The museum catalogue says the image is from c.1905. This can’t be correct. The grave to the left has a 1913 date on it, although it does look freshly disturbed.

DRAMATIC DIFFERENCE

All three graves look quite different in 2020. They – like so many others in Kensal Green – are subsiding. But the most dramatic difference is in the colour of the headstones.

Sophy’s grave was still relatively clean and bright when the post-1913 image was taken. Today, we can see how London’s pollution has dug deep into the stones.

A photograph of a historic grave.
Sophia Cracroft’s grave in Kensal Green Cemetery in August 2020. This headstone – and the two behind it – have subsided since the early 20th Century.

I feel that Sophia Cracroft is still searching for her own immortality. She wasn’t only a devoted and attached niece, and a constant aid. She was a force of nature who was on top of all the details of each search for Franklin.

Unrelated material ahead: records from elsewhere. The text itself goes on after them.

(* Let $G$ be a finite abelian group of even order and $S=\{s^{\pm1},t^{\pm1},u^{\pm1}\}$ a symmetric generating set. Suppose the $18$ elements $s^it^ju^k$ ($0\le i\le2$, $0\le j\le2$, $0\le k\le1$) are distinct, and let $Y$ be the set of them. Suppose either $G=Y$, or there is a hamiltonian cycle of the subgraph of $\mathrm{Cay}(G;S)$ induced by $G\setminus Y$ that contains the edge from $t^3$ to $t^3s$. Then $\mathcal H$ contains every basic $4$-cycle.
   Context: $\mathrm{Cay}(G;S)$ has vertex set $G$ and edges $\{g,gs\}$. $[v](t_1,\dots,t_n)$ denotes the walk $v,vt_1,\dots,vt_1\cdots t_n$; closed walks are identified with flows ($+1$ on traversed oriented edges, $-1$ on reversals). A basic $4$-cycle is a closed walk $[v](a,b,a^{-1},b^{-1})$ with $v\in G$, $a,b\in S$. A flow is $f:G\times S\to\mathbb Z$ with $f(v,a)=-f(va,a^{-1})$ and $\sum_af(v,a)=0$. $\mathcal H$ is the subgroup of flows generated by oriented hamiltonian cycles. *)

From mathcomp Require Import all_boot all_algebra all_fingroup.
Set Implicit Arguments. Unset Strict Implicit. Unset Printing Implicit Defensive.
Import GRing.Theory.

Local Open Scope group_scope.

Section Cayley.
Variable gT : finGroupType.

Definition gen3 (s t u : gT) : {set gT} := [set s; s^-1; t; t^-1; u; u^-1].

Definition Yset (s t u : gT) : {set gT} :=
  [set x | [exists i : 'I_3, exists j : 'I_3, exists k : 'I_2,
              x == s ^+ i * t ^+ j * u ^+ k]].

Definition walk_vert (v : gT) (ts : seq gT) (i : nat) : gT :=
  foldl (fun x y => x * y)%g v (take i ts).

(* Flow of the walk [v](ts): +1 on each traversed oriented edge (v_{i}, t_{i+1}),
   -1 on its reversal (v_{i+1}, t_{i+1}^-1).  A flow is a function G x S -> Z,
   here written as a curried function. *)
Definition walk_flow (v : gT) (ts : seq gT) : gT -> gT -> int :=
  fun x a =>
    (\sum_(i < size ts)
       (((x == walk_vert v ts i) && (a == nth 1%g ts i))%:Z
        - ((x == walk_vert v ts i.+1) && (a == (nth 1%g ts i)^-1%g))%:Z))%R.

I hope that people will continue to remember her as an individual. She was more than the support she gave to Jane Franklin, as considerable as that was. She was more than the choices she made in her personal life, and should not be viewed solely in relation to the men she did not – or did – consider marrying.

VISITING SOPHIA

And I hope people will continue visit her grave. It’s only going to deteriorate further, unless we can somehow organise and fundraise to repair and restore it.

Until then, we have an image that shows it as it was maybe two decades after her death – perhaps more – but which gives us a glimpse of a bright and pristine memorial to a remarkable figure in Franklin Expedition history.

 

* Lady Franklin does not share Sophia Cracroft’s lair, but is buried nearby in the Kensal Green catacombs. These are currently off-limits but Mechtild and Wolfgang Opel were able to visit them recently, and detailed the experience on their blog Trimaris.

One thought on “Immortal beloved: the grave of Sophia Cracroft

  1. Wonderful! One of the curious things about Kensal Green (and other of the “Magnificent Seven”) is that graves were sold as freeholds — this might have seemed good at the time, but it meant that the family were responsible for maintenance, forever, and over time most families simply stopped providing it. When I last visited K.G. I saw Wilkie Collins’s grave, which is maintained by the Wilkie Collins Society — it was in good shape! So I do think the obligation can be shouldered by any willing party.